[Stored data]
Content starts

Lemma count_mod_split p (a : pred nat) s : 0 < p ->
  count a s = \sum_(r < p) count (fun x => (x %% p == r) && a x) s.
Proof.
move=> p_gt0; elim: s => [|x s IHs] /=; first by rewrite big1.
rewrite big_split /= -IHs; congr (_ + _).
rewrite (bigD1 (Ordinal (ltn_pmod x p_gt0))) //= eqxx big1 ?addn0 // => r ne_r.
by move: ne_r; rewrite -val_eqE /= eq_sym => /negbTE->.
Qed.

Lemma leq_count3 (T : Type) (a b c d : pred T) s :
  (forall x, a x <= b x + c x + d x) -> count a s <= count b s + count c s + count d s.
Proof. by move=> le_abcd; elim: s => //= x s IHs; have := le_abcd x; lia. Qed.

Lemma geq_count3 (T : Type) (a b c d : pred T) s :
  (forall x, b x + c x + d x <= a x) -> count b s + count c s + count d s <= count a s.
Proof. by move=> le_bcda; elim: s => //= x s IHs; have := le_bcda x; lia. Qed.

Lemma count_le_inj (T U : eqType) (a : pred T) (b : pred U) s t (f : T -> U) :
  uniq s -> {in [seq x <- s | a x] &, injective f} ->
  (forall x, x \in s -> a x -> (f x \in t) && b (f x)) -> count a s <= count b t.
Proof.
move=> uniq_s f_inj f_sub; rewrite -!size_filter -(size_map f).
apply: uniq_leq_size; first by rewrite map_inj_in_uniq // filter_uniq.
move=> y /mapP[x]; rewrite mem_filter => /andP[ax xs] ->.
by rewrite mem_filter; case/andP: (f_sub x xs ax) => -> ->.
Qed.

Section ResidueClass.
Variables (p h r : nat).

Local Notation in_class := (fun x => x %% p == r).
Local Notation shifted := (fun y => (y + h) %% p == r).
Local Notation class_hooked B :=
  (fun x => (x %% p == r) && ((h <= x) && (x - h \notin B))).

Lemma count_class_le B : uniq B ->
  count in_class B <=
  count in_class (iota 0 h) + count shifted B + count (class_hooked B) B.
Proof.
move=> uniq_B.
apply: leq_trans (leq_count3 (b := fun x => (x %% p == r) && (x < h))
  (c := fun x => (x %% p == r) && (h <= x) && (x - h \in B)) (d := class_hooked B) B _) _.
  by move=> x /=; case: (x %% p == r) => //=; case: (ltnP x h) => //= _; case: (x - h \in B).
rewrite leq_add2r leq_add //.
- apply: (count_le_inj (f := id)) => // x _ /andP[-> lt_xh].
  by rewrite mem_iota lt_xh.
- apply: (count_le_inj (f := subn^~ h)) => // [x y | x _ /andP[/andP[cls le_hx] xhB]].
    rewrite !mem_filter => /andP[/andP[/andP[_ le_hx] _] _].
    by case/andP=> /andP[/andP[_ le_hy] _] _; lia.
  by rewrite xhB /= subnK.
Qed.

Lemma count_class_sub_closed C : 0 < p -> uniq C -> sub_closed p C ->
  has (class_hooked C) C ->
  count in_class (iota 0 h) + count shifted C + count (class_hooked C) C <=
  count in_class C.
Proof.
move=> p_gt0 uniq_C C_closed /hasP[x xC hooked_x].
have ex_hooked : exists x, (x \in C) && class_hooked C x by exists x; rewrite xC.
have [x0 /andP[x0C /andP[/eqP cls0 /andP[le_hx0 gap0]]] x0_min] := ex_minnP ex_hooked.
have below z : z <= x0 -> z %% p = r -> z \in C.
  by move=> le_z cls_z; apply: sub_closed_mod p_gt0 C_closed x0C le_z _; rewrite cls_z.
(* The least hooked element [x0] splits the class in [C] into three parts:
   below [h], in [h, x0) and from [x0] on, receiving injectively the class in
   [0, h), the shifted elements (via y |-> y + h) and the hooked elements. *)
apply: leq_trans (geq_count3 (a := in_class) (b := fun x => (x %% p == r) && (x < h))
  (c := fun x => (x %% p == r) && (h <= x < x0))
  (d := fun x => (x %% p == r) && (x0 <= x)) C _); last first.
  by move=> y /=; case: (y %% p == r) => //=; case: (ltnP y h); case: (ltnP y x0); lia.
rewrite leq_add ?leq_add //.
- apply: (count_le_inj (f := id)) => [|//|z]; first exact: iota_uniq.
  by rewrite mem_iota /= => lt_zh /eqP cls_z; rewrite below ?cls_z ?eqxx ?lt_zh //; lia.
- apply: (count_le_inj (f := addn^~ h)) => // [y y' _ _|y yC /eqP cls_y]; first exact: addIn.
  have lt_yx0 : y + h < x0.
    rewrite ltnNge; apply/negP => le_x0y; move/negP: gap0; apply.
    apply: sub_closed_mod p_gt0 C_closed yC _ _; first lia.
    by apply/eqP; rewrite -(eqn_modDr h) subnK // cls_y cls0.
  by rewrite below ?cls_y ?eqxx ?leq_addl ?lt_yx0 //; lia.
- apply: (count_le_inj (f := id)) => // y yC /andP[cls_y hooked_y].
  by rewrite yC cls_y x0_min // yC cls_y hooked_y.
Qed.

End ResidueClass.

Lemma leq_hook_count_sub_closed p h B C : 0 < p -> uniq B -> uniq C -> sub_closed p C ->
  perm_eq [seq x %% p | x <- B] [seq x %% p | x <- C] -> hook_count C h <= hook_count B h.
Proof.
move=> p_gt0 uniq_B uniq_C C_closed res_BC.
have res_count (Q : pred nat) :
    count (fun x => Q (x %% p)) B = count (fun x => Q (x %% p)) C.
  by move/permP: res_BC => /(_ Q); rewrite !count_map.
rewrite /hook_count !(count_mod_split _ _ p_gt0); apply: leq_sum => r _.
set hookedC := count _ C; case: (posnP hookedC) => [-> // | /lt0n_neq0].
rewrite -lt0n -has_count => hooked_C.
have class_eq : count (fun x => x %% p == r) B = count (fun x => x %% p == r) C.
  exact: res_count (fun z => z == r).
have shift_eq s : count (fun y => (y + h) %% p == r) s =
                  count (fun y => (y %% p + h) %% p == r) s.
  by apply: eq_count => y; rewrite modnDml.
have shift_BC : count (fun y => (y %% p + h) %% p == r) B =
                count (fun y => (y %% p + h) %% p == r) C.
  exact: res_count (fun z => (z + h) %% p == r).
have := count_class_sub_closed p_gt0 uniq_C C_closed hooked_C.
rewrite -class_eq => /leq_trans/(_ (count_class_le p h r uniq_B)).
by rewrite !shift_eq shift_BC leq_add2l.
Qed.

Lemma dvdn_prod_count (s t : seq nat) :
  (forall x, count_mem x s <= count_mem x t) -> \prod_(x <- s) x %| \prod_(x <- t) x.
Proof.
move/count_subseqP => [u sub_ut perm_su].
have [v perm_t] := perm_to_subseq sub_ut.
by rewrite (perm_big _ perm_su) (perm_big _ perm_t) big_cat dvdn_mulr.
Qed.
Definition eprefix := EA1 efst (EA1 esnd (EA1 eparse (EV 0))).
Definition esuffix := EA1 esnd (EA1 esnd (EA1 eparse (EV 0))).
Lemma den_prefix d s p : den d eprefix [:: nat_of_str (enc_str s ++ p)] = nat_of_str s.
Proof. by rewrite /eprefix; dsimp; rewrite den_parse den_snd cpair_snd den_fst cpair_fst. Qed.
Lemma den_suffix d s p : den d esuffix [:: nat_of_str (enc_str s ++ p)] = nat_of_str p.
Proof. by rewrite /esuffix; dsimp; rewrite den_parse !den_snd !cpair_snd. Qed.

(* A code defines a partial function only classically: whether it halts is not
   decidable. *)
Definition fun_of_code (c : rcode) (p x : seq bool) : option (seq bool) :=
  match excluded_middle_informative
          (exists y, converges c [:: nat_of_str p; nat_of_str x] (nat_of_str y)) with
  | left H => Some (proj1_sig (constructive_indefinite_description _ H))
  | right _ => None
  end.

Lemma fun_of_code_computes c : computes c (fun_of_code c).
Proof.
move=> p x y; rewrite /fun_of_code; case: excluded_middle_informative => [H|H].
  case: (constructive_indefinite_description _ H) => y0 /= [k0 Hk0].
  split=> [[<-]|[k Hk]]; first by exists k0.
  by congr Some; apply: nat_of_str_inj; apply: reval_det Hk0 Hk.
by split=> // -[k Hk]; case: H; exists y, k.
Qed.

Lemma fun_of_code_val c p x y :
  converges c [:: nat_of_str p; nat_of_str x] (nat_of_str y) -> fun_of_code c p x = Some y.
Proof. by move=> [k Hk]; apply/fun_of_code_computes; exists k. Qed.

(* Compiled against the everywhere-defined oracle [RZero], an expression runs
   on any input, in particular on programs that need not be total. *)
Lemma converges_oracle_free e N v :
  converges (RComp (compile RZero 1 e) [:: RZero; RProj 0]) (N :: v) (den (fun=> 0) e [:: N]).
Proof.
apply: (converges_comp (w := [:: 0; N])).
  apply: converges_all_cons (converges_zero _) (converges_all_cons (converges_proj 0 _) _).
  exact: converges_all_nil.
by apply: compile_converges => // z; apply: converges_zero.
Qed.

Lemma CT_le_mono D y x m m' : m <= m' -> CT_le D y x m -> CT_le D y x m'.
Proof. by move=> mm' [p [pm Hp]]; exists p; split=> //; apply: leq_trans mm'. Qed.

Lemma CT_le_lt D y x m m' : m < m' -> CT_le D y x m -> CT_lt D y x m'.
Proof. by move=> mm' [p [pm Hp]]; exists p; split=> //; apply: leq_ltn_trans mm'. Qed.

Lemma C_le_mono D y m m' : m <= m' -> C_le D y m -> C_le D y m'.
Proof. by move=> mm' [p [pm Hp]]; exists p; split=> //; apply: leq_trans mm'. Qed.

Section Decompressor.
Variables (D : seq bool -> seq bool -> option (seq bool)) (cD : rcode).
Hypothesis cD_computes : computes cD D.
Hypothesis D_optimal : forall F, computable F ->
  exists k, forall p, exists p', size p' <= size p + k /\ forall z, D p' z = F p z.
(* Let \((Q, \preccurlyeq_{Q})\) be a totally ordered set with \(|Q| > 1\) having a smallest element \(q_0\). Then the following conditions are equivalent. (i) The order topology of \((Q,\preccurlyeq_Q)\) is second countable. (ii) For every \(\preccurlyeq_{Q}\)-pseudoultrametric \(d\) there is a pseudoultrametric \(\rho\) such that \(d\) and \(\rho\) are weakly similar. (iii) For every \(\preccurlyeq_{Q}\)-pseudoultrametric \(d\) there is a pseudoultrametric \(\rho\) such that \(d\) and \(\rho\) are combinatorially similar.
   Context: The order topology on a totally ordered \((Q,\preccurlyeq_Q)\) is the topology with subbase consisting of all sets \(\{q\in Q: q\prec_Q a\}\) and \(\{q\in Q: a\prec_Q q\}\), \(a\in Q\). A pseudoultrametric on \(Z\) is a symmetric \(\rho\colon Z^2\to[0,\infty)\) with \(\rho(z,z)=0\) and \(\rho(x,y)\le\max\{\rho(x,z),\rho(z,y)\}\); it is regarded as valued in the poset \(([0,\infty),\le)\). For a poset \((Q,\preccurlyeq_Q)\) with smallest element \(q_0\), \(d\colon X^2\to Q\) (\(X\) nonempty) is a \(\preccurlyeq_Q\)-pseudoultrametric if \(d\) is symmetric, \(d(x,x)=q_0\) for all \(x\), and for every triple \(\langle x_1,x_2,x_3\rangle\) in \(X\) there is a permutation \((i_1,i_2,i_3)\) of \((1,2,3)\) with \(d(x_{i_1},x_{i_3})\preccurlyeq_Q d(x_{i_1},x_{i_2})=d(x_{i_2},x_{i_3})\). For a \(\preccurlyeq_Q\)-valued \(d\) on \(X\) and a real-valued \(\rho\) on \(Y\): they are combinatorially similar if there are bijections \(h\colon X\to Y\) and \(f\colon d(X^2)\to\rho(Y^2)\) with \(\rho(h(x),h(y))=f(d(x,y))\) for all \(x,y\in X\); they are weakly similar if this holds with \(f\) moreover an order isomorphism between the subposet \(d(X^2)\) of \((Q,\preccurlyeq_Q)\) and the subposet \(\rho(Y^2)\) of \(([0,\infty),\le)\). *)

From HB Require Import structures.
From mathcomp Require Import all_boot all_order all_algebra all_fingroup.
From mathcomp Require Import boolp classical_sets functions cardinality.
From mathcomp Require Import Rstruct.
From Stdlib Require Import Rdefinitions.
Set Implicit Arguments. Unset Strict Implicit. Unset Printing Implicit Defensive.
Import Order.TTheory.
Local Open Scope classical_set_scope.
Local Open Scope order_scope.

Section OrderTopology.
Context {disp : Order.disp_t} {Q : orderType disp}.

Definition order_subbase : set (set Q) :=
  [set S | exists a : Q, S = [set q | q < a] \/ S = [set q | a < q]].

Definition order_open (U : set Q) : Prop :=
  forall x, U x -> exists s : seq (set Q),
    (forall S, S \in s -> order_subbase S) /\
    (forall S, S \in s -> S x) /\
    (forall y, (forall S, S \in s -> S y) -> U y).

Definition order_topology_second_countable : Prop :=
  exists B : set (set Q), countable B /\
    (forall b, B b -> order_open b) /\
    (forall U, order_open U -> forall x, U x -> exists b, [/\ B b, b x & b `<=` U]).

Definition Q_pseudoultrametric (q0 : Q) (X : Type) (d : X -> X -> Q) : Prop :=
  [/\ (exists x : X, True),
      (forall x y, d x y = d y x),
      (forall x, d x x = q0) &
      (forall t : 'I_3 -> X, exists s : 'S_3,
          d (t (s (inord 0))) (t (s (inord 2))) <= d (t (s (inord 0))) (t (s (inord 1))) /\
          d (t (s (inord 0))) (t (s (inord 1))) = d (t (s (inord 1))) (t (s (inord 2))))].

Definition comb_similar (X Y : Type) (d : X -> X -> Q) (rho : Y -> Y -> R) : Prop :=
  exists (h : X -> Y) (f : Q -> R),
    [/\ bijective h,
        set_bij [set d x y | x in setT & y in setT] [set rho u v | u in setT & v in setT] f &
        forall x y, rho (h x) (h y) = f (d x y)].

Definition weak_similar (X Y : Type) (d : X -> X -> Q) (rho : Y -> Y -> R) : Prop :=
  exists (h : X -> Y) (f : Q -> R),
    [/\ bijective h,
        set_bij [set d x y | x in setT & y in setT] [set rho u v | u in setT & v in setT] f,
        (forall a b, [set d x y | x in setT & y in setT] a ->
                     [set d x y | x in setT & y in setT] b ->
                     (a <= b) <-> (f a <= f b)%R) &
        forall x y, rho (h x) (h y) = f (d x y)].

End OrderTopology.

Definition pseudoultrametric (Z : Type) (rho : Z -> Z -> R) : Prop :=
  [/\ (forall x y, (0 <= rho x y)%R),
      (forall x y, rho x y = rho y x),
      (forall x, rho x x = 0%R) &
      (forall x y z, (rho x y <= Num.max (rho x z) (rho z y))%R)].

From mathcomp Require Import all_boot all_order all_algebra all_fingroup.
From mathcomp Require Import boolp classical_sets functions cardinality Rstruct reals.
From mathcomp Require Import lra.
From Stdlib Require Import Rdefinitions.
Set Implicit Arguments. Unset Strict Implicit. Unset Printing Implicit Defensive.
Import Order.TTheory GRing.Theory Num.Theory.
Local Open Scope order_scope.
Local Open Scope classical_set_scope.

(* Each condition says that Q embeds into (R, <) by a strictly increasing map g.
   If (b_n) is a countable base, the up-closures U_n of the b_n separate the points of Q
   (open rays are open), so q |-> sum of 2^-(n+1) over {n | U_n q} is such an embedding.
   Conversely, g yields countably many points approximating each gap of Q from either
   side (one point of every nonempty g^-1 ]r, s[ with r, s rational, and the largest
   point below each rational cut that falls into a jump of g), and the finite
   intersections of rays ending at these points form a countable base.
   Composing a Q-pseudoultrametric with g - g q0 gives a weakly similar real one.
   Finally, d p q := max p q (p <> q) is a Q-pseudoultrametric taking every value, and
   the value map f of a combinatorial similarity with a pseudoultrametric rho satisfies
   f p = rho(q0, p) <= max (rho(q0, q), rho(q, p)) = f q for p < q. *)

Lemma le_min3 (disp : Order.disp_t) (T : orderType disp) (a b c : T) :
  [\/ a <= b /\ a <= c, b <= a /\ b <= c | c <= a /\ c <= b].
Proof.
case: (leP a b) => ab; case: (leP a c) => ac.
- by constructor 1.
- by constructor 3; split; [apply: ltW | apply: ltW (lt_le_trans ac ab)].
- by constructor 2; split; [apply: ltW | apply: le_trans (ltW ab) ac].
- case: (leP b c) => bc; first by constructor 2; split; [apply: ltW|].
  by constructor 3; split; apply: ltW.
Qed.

Content ends

**Problem to work on:**
Using the entries above, repeat only the lines from the one containing "From mathcomp Require Import lra." through the one containing "side (one point", end lines included.

**Your solution:**
From mathcomp Require Import lra.
From Stdlib Require Import Rdefinitions.
Set Implicit Arguments. Unset Strict Implicit. Unset Printing Implicit Defensive.
Import Order.TTheory GRing.Theory Num.Theory.
Local Open Scope order_scope.
Local Open Scope classical_set_scope.

(* Each condition says that Q embeds into (R, <) by a strictly increasing map g.
   If (b_n) is a countable base, the up-closures U_n of the b_n separate the points of Q
   (open rays are open), so q |-> sum of 2^-(n+1) over {n | U_n q} is such an embedding.
   Conversely, g yields countably many points approximating each gap of Q from either
   side (one point of every nonempty g^-1 ]r, s[ with r, s rational, and the largest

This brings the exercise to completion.